(Data excerpts)

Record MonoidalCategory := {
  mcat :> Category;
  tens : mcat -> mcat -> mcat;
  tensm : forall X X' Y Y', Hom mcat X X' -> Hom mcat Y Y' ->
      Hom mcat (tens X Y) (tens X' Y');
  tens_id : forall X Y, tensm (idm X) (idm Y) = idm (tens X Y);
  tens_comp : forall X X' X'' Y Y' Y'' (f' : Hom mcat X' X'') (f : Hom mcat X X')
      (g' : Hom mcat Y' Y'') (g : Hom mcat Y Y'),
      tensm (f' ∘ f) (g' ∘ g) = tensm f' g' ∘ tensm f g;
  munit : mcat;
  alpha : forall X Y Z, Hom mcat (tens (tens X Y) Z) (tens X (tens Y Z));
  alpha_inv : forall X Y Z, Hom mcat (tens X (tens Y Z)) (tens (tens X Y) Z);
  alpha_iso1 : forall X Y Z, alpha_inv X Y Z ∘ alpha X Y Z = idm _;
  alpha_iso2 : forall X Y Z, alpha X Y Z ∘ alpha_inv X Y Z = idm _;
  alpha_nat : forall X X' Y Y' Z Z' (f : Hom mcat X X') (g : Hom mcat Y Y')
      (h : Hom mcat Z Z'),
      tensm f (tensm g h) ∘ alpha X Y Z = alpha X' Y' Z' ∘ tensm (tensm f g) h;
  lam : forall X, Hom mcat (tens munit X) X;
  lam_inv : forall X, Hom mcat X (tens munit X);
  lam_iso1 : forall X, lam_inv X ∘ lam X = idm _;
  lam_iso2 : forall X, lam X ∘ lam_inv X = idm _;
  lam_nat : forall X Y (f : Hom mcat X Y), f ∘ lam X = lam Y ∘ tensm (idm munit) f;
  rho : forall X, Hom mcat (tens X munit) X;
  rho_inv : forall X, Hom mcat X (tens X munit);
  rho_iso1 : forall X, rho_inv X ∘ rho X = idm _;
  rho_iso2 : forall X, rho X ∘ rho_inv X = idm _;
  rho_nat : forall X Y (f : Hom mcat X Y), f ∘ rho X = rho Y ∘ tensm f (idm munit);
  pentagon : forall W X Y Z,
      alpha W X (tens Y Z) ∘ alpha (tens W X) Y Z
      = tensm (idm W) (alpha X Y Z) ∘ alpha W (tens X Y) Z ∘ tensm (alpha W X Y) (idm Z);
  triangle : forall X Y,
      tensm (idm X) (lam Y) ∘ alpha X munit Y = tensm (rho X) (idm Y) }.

TASK DETAILS
From the entries above, copy out every line where the string "munit" appears.

FINISHED TASK
  munit : mcat;
  lam : forall X, Hom mcat (tens munit X) X;
  lam_inv : forall X, Hom mcat X (tens munit X);
  lam_nat : forall X Y (f : Hom mcat X Y), f ∘ lam X = lam Y ∘ tensm (idm munit) f;
  rho : forall X, Hom mcat (tens X munit) X;
  rho_inv : forall X, Hom mcat X (tens X munit);
  rho_nat : forall X Y (f : Hom mcat X Y), f ∘ rho X = rho Y ∘ tensm f (idm munit);
      tensm (idm X) (lam Y) ∘ alpha X munit Y = tensm (rho X) (idm Y) }.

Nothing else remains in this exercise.